### Task goal
Write out the following listing's lines from the one with "[u, v^(i+1) w^(p-1-i)" to the one with "Lemma bracketDr a", exactly, with both included and no others.

### Listed entries

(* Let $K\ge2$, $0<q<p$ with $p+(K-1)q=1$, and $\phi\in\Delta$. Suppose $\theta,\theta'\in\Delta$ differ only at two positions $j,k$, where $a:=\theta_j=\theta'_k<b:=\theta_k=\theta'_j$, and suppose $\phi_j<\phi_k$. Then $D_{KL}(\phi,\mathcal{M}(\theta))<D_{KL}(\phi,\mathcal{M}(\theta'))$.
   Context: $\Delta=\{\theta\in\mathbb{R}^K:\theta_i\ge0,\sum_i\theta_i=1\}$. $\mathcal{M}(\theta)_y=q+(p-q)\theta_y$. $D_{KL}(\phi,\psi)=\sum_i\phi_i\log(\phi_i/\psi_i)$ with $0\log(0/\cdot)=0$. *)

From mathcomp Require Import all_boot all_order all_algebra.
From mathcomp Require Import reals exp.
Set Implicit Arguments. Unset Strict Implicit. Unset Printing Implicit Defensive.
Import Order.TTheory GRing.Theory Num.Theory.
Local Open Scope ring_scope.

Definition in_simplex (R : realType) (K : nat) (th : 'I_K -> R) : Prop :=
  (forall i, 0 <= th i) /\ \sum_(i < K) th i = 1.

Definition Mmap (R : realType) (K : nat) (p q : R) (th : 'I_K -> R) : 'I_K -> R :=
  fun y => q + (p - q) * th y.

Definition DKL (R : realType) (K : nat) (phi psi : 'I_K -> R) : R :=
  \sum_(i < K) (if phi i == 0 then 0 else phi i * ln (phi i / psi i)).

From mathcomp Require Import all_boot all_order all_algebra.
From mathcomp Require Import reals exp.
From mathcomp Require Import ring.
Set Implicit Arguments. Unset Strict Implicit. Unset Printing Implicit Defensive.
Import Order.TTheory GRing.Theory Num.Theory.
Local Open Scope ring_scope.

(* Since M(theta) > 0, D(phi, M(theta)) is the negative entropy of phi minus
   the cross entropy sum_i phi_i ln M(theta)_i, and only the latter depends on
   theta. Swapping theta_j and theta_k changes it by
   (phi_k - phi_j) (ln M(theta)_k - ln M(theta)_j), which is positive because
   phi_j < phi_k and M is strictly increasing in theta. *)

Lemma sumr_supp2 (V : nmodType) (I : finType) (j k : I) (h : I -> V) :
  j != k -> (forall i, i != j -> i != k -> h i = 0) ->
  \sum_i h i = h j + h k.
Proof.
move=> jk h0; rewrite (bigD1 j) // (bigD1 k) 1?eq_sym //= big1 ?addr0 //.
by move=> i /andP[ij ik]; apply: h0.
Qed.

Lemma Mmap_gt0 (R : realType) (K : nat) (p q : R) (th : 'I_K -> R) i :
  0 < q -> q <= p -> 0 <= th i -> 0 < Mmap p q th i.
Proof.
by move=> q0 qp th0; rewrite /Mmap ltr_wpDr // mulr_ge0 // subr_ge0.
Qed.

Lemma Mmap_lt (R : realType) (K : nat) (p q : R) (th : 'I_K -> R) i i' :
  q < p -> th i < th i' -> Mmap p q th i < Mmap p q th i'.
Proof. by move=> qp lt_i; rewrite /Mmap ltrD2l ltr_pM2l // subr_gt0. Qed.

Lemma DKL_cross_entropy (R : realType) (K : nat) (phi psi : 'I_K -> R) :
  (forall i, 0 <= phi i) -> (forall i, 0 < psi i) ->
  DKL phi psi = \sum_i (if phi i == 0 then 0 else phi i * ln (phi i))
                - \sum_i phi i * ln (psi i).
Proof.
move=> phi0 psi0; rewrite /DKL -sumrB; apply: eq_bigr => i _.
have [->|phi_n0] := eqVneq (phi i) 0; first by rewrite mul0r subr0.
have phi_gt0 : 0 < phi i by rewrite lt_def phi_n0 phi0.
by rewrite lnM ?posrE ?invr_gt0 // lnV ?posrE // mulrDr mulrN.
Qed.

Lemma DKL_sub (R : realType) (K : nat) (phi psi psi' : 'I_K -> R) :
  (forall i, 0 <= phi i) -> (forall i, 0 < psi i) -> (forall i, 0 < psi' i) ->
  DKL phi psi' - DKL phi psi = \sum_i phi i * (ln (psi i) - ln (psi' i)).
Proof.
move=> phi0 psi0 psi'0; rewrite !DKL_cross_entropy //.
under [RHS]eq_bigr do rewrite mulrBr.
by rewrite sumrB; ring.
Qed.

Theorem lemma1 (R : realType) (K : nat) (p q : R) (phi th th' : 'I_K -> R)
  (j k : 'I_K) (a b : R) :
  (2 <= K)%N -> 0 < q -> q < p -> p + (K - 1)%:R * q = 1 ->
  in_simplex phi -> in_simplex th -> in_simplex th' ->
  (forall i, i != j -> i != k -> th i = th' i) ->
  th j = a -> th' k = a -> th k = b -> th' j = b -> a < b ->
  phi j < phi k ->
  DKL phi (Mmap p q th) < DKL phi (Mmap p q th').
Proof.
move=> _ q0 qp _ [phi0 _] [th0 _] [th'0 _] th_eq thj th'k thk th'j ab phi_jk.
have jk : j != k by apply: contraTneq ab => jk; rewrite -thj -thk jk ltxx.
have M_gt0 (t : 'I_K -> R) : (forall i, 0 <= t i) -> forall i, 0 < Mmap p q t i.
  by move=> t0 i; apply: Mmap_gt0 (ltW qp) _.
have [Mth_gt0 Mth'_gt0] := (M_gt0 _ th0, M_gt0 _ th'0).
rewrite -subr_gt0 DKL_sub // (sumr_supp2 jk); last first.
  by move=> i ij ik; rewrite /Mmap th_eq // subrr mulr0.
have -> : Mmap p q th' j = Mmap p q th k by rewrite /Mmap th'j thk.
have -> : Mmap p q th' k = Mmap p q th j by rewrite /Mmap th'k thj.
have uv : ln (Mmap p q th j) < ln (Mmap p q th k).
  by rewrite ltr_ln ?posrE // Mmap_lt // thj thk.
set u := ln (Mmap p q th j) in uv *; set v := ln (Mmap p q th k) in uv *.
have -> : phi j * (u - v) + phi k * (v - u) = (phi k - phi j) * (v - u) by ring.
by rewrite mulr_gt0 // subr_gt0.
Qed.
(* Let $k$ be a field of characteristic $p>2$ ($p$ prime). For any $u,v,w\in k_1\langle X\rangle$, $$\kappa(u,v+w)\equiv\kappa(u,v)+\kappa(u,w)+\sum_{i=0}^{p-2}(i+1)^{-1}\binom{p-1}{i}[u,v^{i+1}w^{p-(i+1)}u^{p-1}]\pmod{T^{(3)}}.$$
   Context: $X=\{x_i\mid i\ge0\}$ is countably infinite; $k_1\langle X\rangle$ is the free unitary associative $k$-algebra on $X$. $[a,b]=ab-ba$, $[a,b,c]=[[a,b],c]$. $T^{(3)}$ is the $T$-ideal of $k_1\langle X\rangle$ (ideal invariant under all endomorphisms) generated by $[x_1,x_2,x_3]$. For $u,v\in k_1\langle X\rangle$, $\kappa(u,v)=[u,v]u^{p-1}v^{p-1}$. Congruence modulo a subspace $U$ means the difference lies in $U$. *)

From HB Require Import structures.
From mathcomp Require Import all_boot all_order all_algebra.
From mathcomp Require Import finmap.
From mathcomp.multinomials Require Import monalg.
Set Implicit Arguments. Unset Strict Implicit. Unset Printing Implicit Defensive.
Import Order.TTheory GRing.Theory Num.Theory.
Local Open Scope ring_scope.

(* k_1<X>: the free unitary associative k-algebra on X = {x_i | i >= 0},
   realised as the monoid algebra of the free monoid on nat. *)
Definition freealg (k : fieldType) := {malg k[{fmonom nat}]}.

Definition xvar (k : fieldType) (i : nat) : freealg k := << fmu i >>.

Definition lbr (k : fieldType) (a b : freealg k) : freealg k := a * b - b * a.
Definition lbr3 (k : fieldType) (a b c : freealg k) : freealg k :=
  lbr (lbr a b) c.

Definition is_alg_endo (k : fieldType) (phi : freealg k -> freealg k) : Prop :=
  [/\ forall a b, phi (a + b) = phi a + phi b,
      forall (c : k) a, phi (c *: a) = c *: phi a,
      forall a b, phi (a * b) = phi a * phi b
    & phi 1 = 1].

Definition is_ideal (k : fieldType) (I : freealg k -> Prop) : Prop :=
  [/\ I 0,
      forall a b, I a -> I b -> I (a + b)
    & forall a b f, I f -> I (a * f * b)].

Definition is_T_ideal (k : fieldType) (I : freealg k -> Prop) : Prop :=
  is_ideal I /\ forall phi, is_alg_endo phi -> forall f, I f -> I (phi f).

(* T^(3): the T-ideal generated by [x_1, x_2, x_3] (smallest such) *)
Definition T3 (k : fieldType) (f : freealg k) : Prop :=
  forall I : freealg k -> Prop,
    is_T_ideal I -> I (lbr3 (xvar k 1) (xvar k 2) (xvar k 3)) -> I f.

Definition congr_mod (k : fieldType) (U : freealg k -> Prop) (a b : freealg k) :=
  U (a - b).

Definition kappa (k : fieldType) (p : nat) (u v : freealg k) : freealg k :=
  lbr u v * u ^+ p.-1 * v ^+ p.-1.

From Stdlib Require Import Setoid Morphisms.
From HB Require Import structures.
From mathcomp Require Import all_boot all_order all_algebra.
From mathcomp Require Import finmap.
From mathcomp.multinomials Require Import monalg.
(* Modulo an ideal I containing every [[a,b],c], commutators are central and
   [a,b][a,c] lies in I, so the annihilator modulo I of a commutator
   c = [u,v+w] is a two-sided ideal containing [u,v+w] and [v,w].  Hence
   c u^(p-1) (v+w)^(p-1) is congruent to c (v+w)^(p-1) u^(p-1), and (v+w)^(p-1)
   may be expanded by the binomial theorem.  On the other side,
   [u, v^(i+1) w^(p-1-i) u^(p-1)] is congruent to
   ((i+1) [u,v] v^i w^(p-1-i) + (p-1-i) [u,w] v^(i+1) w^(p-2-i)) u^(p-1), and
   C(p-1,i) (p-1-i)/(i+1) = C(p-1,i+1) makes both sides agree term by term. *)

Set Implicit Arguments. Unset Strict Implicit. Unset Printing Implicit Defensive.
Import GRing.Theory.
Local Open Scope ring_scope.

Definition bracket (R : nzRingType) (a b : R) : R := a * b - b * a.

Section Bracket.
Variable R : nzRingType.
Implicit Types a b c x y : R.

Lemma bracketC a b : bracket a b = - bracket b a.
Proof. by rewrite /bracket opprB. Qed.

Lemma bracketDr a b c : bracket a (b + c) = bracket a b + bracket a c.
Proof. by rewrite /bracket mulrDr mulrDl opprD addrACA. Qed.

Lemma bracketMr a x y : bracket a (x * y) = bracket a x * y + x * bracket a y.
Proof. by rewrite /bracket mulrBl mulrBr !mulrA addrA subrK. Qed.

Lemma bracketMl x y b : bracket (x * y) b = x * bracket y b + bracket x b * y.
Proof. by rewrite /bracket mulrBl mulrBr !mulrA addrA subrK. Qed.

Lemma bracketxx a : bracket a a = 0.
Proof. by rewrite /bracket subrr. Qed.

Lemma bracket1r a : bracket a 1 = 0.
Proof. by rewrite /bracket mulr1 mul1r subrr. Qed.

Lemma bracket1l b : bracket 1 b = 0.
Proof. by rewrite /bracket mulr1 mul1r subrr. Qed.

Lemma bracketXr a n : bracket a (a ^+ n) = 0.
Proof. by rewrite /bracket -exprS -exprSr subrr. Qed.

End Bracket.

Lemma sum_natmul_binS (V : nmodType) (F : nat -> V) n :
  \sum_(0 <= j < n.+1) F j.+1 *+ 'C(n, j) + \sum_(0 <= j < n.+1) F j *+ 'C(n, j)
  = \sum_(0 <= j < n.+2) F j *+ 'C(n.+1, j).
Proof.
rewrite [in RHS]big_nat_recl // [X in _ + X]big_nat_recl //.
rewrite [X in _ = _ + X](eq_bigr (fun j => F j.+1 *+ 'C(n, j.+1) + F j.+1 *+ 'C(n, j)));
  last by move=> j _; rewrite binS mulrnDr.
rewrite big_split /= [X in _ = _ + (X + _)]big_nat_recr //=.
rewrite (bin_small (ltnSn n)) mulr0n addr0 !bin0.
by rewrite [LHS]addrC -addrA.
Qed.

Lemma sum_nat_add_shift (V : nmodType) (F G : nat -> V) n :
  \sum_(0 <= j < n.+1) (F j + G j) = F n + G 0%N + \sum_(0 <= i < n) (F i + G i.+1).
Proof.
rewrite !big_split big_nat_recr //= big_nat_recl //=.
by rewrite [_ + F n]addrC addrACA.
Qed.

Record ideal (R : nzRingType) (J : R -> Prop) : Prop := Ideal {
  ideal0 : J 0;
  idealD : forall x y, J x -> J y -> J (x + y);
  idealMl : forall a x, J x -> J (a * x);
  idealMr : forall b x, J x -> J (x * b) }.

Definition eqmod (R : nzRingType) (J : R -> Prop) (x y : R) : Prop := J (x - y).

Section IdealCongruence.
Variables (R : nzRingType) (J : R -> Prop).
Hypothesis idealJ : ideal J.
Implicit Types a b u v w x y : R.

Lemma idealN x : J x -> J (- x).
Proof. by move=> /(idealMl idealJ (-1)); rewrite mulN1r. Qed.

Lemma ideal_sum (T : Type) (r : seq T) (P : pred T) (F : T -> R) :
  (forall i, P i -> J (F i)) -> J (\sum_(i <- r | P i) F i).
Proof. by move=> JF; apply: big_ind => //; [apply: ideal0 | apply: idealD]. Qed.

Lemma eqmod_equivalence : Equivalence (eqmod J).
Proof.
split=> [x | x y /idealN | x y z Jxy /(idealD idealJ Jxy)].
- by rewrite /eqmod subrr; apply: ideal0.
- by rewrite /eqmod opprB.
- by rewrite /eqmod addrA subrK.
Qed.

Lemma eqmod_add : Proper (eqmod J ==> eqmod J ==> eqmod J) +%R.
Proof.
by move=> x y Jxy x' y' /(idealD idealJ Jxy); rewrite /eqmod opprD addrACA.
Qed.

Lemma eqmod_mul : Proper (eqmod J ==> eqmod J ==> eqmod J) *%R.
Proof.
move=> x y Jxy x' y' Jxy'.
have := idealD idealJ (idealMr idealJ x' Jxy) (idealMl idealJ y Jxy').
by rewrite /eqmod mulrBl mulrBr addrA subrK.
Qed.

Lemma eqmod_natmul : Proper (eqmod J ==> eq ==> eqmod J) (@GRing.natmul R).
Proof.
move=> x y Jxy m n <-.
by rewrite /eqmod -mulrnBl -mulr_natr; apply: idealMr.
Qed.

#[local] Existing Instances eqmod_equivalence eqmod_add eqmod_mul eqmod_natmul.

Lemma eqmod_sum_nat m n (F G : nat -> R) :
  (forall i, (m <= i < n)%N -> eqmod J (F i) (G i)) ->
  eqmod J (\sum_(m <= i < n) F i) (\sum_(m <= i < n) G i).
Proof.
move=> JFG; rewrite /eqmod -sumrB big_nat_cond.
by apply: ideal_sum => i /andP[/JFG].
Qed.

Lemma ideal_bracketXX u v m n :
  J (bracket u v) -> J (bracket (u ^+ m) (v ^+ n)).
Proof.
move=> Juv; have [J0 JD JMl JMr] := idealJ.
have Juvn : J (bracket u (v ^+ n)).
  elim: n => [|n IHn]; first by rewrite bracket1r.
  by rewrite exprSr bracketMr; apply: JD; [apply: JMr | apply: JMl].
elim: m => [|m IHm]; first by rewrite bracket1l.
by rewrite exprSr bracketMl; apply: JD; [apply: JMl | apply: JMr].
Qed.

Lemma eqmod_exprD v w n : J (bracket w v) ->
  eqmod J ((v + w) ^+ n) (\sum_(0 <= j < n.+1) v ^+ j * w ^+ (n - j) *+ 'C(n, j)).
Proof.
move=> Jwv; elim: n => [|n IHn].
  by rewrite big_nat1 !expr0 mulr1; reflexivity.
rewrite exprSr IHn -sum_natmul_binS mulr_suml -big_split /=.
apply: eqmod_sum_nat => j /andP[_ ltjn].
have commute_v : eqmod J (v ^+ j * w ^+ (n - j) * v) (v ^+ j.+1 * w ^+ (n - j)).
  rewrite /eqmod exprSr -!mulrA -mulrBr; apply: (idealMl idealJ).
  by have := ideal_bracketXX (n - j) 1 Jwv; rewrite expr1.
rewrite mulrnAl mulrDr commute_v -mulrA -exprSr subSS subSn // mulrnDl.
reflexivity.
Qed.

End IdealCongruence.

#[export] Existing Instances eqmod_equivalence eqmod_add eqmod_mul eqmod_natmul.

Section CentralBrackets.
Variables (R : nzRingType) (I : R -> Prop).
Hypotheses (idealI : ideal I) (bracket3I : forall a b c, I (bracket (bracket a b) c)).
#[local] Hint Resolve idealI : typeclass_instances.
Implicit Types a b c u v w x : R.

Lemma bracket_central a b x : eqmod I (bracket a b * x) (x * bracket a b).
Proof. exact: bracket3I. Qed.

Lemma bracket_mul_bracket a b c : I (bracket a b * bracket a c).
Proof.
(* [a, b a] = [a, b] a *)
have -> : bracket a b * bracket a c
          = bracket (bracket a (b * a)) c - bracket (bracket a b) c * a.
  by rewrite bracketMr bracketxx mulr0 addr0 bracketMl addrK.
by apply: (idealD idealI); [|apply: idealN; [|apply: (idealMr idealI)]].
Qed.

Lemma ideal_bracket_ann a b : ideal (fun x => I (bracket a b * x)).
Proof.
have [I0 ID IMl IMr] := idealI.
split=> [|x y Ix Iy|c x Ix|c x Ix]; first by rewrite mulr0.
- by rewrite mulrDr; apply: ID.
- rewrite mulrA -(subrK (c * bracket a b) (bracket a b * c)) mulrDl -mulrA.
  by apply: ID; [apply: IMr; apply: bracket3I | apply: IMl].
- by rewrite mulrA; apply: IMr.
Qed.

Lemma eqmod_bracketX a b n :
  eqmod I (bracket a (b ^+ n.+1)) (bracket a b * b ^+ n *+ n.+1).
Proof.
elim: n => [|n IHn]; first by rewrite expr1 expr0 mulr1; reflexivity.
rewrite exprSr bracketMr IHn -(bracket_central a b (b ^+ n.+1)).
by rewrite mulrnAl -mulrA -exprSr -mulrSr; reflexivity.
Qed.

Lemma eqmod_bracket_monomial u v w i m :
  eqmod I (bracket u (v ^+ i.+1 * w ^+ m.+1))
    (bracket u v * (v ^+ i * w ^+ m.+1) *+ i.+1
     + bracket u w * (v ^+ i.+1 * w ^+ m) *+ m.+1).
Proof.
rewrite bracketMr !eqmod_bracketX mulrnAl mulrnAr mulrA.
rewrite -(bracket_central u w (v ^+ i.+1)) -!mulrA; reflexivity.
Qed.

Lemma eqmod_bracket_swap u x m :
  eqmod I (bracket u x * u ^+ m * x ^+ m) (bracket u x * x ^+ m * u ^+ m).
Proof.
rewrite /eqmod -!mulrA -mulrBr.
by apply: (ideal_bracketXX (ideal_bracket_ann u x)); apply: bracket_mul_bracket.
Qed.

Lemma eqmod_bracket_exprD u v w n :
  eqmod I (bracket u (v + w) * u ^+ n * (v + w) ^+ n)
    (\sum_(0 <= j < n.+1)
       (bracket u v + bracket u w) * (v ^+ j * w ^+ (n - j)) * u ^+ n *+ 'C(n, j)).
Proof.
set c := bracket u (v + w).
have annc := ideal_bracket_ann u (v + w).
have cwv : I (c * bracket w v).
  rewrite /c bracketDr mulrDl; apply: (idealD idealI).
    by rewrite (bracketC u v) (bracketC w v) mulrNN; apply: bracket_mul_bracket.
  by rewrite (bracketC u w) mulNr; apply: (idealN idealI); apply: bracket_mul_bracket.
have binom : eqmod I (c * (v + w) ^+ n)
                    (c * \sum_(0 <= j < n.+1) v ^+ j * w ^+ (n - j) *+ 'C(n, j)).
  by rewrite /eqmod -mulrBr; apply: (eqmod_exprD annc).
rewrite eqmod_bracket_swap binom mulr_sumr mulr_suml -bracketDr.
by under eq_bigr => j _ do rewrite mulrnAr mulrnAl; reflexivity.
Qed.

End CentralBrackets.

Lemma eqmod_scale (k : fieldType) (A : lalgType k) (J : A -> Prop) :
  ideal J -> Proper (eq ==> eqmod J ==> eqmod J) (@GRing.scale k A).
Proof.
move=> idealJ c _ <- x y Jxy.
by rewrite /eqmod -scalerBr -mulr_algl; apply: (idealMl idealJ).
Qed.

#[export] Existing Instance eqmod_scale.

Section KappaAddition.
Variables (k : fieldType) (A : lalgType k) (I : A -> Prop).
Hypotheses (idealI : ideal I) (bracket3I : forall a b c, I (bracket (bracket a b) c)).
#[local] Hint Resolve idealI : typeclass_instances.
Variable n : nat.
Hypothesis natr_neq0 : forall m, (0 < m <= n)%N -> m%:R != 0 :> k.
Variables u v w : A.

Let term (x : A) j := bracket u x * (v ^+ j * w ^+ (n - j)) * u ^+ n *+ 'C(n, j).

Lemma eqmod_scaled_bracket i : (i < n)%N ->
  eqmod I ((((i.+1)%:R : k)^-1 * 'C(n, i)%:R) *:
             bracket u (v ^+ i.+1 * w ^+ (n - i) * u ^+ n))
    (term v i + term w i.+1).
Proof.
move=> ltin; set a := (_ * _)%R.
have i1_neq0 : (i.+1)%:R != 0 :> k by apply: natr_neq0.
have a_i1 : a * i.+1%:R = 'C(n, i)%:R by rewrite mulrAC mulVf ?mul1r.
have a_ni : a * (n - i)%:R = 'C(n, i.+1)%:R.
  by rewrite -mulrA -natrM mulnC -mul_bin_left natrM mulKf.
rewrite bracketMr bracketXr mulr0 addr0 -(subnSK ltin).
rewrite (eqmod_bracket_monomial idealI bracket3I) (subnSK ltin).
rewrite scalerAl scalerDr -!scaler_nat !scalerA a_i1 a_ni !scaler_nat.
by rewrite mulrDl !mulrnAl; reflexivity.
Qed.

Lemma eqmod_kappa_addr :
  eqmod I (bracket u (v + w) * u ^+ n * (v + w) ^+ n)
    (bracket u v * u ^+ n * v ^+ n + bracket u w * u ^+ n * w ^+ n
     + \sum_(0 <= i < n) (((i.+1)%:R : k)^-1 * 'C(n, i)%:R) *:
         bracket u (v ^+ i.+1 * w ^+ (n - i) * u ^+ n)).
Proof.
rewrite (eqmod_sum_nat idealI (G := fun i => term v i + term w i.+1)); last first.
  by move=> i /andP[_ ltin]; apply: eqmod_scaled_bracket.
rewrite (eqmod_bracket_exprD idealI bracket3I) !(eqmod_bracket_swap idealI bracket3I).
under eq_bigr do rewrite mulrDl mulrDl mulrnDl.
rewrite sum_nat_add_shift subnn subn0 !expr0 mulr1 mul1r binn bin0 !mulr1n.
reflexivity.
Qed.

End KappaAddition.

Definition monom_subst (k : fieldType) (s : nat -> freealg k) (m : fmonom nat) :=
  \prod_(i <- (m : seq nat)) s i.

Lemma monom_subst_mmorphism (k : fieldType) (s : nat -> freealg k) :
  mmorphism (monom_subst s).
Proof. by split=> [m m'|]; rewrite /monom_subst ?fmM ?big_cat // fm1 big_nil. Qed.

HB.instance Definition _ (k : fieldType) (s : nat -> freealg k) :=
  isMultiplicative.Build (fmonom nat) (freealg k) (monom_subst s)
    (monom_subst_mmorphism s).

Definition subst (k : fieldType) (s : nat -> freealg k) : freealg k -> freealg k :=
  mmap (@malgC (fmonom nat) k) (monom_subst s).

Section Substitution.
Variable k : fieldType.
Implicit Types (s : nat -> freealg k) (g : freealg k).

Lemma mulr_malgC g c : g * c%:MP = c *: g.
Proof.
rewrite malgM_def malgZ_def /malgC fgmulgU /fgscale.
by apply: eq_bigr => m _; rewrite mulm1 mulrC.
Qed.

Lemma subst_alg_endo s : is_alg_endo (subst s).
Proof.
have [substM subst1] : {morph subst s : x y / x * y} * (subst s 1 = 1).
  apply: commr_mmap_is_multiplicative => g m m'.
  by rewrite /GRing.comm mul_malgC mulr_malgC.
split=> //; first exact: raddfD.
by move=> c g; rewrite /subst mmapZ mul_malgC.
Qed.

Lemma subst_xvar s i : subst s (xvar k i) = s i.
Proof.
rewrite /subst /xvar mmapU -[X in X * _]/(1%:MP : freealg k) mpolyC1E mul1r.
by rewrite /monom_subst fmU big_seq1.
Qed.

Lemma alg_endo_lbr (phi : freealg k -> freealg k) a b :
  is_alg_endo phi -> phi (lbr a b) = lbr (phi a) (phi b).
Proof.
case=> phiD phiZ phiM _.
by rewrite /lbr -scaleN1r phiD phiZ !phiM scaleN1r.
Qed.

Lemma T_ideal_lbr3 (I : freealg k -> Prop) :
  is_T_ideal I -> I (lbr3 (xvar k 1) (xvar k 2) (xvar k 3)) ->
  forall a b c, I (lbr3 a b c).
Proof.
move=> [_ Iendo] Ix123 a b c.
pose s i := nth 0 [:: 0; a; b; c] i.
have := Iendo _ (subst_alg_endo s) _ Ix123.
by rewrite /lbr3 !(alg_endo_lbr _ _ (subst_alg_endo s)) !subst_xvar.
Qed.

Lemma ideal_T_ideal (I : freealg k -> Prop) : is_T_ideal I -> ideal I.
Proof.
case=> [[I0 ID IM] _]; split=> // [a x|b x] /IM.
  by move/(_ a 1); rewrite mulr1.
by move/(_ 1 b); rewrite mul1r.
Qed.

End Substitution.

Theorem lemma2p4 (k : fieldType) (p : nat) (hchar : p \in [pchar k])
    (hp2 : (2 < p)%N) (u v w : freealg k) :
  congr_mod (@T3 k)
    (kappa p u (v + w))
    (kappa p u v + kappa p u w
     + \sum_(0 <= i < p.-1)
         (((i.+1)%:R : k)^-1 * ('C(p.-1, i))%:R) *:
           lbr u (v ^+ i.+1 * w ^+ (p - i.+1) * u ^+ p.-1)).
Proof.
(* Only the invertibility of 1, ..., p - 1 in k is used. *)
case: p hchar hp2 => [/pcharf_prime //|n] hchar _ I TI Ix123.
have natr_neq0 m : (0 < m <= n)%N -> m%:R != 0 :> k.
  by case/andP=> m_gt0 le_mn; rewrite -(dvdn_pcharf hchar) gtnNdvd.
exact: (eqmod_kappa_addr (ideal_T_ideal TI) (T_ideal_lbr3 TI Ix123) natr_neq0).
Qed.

### Result for this exercise
   [u, v^(i+1) w^(p-1-i) u^(p-1)] is congruent to
   ((i+1) [u,v] v^i w^(p-1-i) + (p-1-i) [u,w] v^(i+1) w^(p-2-i)) u^(p-1), and
   C(p-1,i) (p-1-i)/(i+1) = C(p-1,i+1) makes both sides agree term by term. *)

Set Implicit Arguments. Unset Strict Implicit. Unset Printing Implicit Defensive.
Import GRing.Theory.
Local Open Scope ring_scope.

Definition bracket (R : nzRingType) (a b : R) : R := a * b - b * a.

Section Bracket.
Variable R : nzRingType.
Implicit Types a b c x y : R.

Lemma bracketC a b : bracket a b = - bracket b a.
Proof. by rewrite /bracket opprB. Qed.

Lemma bracketDr a b c : bracket a (b + c) = bracket a b + bracket a c.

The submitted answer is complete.